Lemma sin_abs_le (x : R) : Rabs (sin x) <= Rabs x.
Proof.
  assert (Hpos : forall y, 0 < y -> Rabs (sin y) <= y).
  { intros y Hy. pose proof (sin_lt_x y Hy). pose proof PI2_1.
    destruct (Rle_dec 1 y).
    - pose proof (SIN_bound y). apply Rabs_le. lra.
    - assert (0 <= sin y) by (apply sin_ge_0; lra). rewrite Rabs_right; lra. }
  destruct (Rtotal_order x 0) as [H|[H|H]].
  - rewrite <- (Ropp_involutive x), sin_neg, Rabs_Ropp, Rabs_Ropp, (Rabs_right (- x)) by lra.
    apply Hpos. lra.
  - subst. rewrite sin_0. lra.
  - rewrite (Rabs_right x) by lra. auto.
Qed.

Lemma expi2pi_chord (a b : R) (m : Z) :
  Cnorm (Cminus (expi2pi a) (expi2pi b)) = 2 * Rabs (sin (PI * (a - b - IZR m))).
Proof.
  unfold Cnorm, Cminus, expi2pi; simpl.
  set (u := 2 * PI * a). set (v := 2 * PI * b). set (d := PI * (a - b - IZR m)).
  assert (Hsq : (cos u - cos v) * (cos u - cos v) + (sin u - sin v) * (sin u - sin v)
                = 2 - 2 * cos (u - v)).
  { rewrite cos_minus. pose proof (sin2_cos2 u). pose proof (sin2_cos2 v). unfold Rsqr in *.
    lra. }
  assert (Hper : cos (u - v) = cos (2 * d)).
  { rewrite <- (cos_Zperiod (2 * d) m). f_equal. unfold u, v, d. ring. }
  rewrite Hsq, Hper, cos_2a_sin.
  replace (2 - 2 * (1 - 2 * sin d * sin d)) with (Rsqr (2 * sin d)) by (unfold Rsqr; ring).
  rewrite sqrt_Rsqr_abs, Rabs_mult, (Rabs_right 2) by lra. reflexivity.
Qed.

Lemma expi2pi_close_modZ (eps : R) : 0 < eps -> exists kappa, 0 < kappa /\ forall a b,
  Cnorm (Cminus (expi2pi a) (expi2pi b)) < kappa -> exists m : Z, Rabs (a - b - IZR m) < eps.
Proof.
  intros Heps. pose proof PI_RGT_0. pose proof PI2_1.
  set (e := Rmin eps (1 / 2)).
  assert (He : 0 < e <= 1 / 2 /\ e <= eps).
  { unfold e. split; [split|]; [apply Rmin_glb_lt; lra | apply Rmin_r | apply Rmin_l]. }
  assert (Hsin_e : 0 < sin (PI * e)) by (apply sin_gt_0; nra).
  assert (Hmono : forall y, e <= y <= 1 / 2 -> sin (PI * e) <= sin (PI * y))
    by (intros y Hy; apply sin_incr_1; nra).
  exists (2 * sin (PI * e)). split; [lra|].
  intros a b Hab.
  (* the nearest integer m to a - b *)
  set (m := Int_part (a - b + 1 / 2)).
  destruct (base_Int_part (a - b + 1 / 2)) as [I1 I2]. fold m in I1, I2.
  exists m. rewrite (expi2pi_chord _ _ m) in Hab.
  set (d := a - b - IZR m) in *.
  assert (Hd : -1 / 2 <= d < 1 / 2) by (unfold d; lra).
  destruct He as [[He0 He1] He2].
  destruct (Rlt_dec (Rabs d) e) as [Hl|Hl]; [lra|]. exfalso.
  destruct (Rle_dec 0 d).
  - rewrite Rabs_right in Hl by lra.
    pose proof (Hmono d ltac:(lra)). pose proof (Rle_abs (sin (PI * d))). lra.
  - rewrite Rabs_left in Hl by lra.
    pose proof (Hmono (- d) ltac:(lra)) as M.
    replace (PI * - d) with (- (PI * d)) in M by ring. rewrite sin_neg in M.
    pose proof (Rle_abs (- sin (PI * d))) as A. rewrite Rabs_Ropp in A. lra.
Qed.

Lemma expi2pi_surj (w : C) : Cnorm w = 1 -> exists t, expi2pi t = w.
Proof.
  intros Hw.
  assert (Hsq : fst w * fst w + snd w * snd w = 1).
  { unfold Cnorm in Hw. rewrite <- sqrt_1 in Hw. apply sqrt_inj in Hw; nra. }
  destruct w as [a b]; simpl in Hsq. pose proof PI_RGT_0.
  assert (Ha : -1 <= a <= 1) by nra.
  pose proof (cos_acos a Ha) as Hcos. pose proof (sin_acos a Ha) as Hsin.
  replace (1 - a²) with (Rsqr b) in Hsin by (unfold Rsqr; lra).
  rewrite sqrt_Rsqr_abs in Hsin.
  destruct (Rle_dec 0 b).
  - exists (acos a / (2 * PI)). unfold expi2pi.
    replace (2 * PI * (acos a / (2 * PI))) with (acos a) by (field; lra).
    rewrite Hcos, Hsin, Rabs_right by lra. reflexivity.
  - exists (- acos a / (2 * PI)). unfold expi2pi.
    replace (2 * PI * (- acos a / (2 * PI))) with (- acos a) by (field; lra).
    rewrite cos_neg, sin_neg, Hcos, Hsin, Rabs_left by lra. f_equal. ring.
Qed.

Definition unif_limit_C {X : Type} (u : nat -> X -> C) (g : X -> C) : Prop :=
  forall eps, 0 < eps -> exists N, forall n x, (1 <= n)%nat -> (N <= n)%nat ->
    Cnorm (Cminus (u n x) (g x)) < eps.
(* The symmetric algebra $\mathrm{Sym}(V)$ is a self-dual Hopf algebra under the Hopf pairing determined by $$\left\langle \frac{\deg(v_\alpha)!}{\sqrt{z_\alpha}}\,\overline{v_\alpha},\ \frac{\deg(v_\beta)!}{\sqrt{z_\beta}}\,\overline{v_\beta}\right\rangle=\delta_{\mathrm{sort}(\alpha),\mathrm{sort}(\beta)}$$ for all compositions $\alpha,\beta$.
   Context: $V$ is a graded vector space with a fixed countable homogeneous basis $\{v_1,v_2,\dots\}$, each $\deg(v_i)$ a positive integer and only finitely many $v_i$ of each degree. For a composition (finite sequence of positive integers) $\alpha=(\alpha_1,\dots,\alpha_\ell)$, write $v_\alpha=v_{\alpha_1}\otimes\cdots\otimes v_{\alpha_\ell}$ in the tensor algebra $\mathrm{T}(V)=\bigoplus_n V^{\otimes n}$, whose Hopf structure has the $v_i$ primitive and the concatenation product. $\mathrm{Sym}(V)=\mathrm{T}(V)/I(V)$ where $I(V)$ is the two-sided ideal generated by all $v_iv_j-v_jv_i$; it is a graded commutative and cocommutative Hopf algebra (the $\overline{v_i}$ primitive), $\overline{v_\alpha}$ denotes the class of $v_\alpha$, and $\deg(\overline{v_\alpha})=\sum_i\deg(v_{\alpha_i})$. Notation: $\deg(v_\alpha)!=\deg(v_{\alpha_1})!\cdots\deg(v_{\alpha_\ell})!$; $\mathrm{sort}(\alpha)$ is the rearrangement of the parts of $\alpha$ in decreasing order; $z_\alpha=\prod_{i\ge1}m_i!\,i^{m_i}$ where $m_i=|\{k:\alpha_k=i\}|$. *)

From HB Require Import structures.
From mathcomp Require Import all_boot all_order all_algebra.
From mathcomp Require Import finmap monalg.

Set Implicit Arguments.
Unset Strict Implicit.
Unset Printing Implicit Defensive.

Import GRing.Theory Num.Theory.

Local Open Scope ring_scope.

(* Indices of the basis vectors v_1, v_2, ... of V: positive integers. *)
Definition posnat := {n : nat | (0 < n)%N}.

Definition composition := seq posnat.

(* Sym(V) = free commutative algebra on the v_i,
   i.e. the R-span of these monomials, with concatenation-induced product. *)
Notation monom := {cmonom posnat}.

Definition Sym (R : comNzRingType) := {malg R[monom]}.

Definition vgen (R : comNzRingType) (i : posnat) : Sym R := << ucm i >>.

Definition vbar (R : comNzRingType) (alpha : composition) : Sym R :=
  \prod_(i <- alpha) vgen R i.

Definition monom2 := (monom * monom)%type.
HB.instance Definition _ := Choice.on monom2.

Section Monom2.
Definition one2 : monom2 := (@mone monom, @mone monom).
Definition mul2 (x y : monom2) : monom2 := (mmul x.1 y.1, mmul x.2 y.2).
Fact mul2A : associative mul2.
Proof. by move=> [a b] [c d] [e f]; rewrite /mul2 /= !mulmA. Qed.
Fact mul12 : left_id one2 mul2.
Proof. by move=> [a b]; rewrite /mul2 /= !mul1m. Qed.
Fact mul21 : right_id one2 mul2.
Proof. by move=> [a b]; rewrite /mul2 /= !mulm1. Qed.
Fact unit2 (x y : monom2) : mul2 x y = one2 -> x = one2 /\ y = one2.
Proof.
case: x y => [a b] [c d] [/unitm [-> ->] /unitm [-> ->]]; by [].
Qed.
HB.instance Definition _ := Choice_isMonomialDef.Build monom2
  mul2A mul12 mul21 unit2.
Fact mul2C : commutative mul2.
Proof. by move=> [a b] [c d]; rewrite /mul2 /= (mulmC a) (mulmC b). Qed.
HB.instance Definition _ := MonomialDef_isConomialDef.Build monom2 mul2C.
End Monom2.

(* Sym(V) (x) Sym(V), with basis the pure tensors m1 (x) m2 of monomials. *)
Definition Sym2 (R : comNzRingType) := {malg R[monom2]}.

Definition mono (R : comNzRingType) (m : monom) : Sym R := << m >>.

Definition tens (R : comNzRingType) (m1 m2 : monom) : Sym2 R := << (m1, m2) >>.

Definition prim_image (R : comNzRingType) (i : posnat) : Sym2 R :=
  tens R (ucm i) (@mone monom) + tens R (@mone monom) (ucm i).

Definition cop_monom (R : comNzRingType) (m : monom) : Sym2 R :=
  \prod_(i <- finmap.enum_fset (finmap.finsupp m)) prim_image R i ^+ (m i).

Definition coproduct (R : comNzRingType) (x : Sym R) : Sym2 R :=
  \sum_(m <- finmap.enum_fset (msupp x)) x@_m *: cop_monom R m.
Definition cm_supp (z : cm l) : set R := [set x | cm_f z x != 0%N].

Lemma cm0_fin : exists s : seq R, forall x, (fun _ : R => 0%N) x != 0%N -> x \in s.
Proof. by exists [::]. Qed.
Lemma cm0_rng : forall x, (fun _ : R => 0%N) x != 0%N -> inS l x.
Proof. by []. Qed.
Definition cm0 : cm l := CM cm0_fin cm0_rng.

Lemma cm_add_fin (z : cm l) (x : R) : exists s : seq R,
  forall y, (cm_f z y + ((y == x) && inS l x))%N != 0%N -> y \in s.
Proof.
case: (cm_fin z) => s hs; exists (x :: s) => y; rewrite in_cons.
have [-> //|ne] := eqVneq y x; rewrite /= addn0; exact: hs.
Qed.
Lemma cm_add_rng (z : cm l) (x : R) :
  forall y, (cm_f z y + ((y == x) && inS l x))%N != 0%N -> inS l y.
Proof.
move=> y; have [->|ne] := eqVneq y x; rewrite /=.
  case hx: (inS l x) => //=; rewrite addn0 => h; by have := cm_rng h; rewrite hx.
by rewrite addn0 => h; exact: (cm_rng h).
Qed.
(* zeta + delta_x (only if x lies on S; otherwise zeta unchanged) *)
Definition cm_add (z : cm l) (x : R) : cm l := CM (cm_add_fin z x) (@cm_add_rng z x).

Lemma cm_rem_fin (z : cm l) (x : R) : exists s : seq R,
  forall y, (cm_f z y - (y == x))%N != 0%N -> y \in s.
Proof.
case: (cm_fin z) => s hs; exists s => y h; apply: hs.
by apply: contraNneq h => ->.
Qed.
Lemma cm_rem_rng (z : cm l) (x : R) :
  forall y, (cm_f z y - (y == x))%N != 0%N -> inS l y.
Proof. by move=> y h; apply: (@cm_rng _ z); apply: contraNneq h => ->. Qed.
Definition cm_rem (z : cm l) (x : R) : cm l := CM (cm_rem_fin z x) (@cm_rem_rng z x).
========
### What the exercise asks
Print, from the entries above, the line with "pose proof (Rle_abs (- sin", the line with "assert (Ha : -1 <= a <= 1) by nra." and all lines between them, exactly and with nothing else.

### Written reply
    pose proof (Rle_abs (- sin (PI * d))) as A. rewrite Rabs_Ropp in A. lra.
Qed.

Lemma expi2pi_surj (w : C) : Cnorm w = 1 -> exists t, expi2pi t = w.
Proof.
  intros Hw.
  assert (Hsq : fst w * fst w + snd w * snd w = 1).
  { unfold Cnorm in Hw. rewrite <- sqrt_1 in Hw. apply sqrt_inj in Hw; nra. }
  destruct w as [a b]; simpl in Hsq. pose proof PI_RGT_0.
  assert (Ha : -1 <= a <= 1) by nra.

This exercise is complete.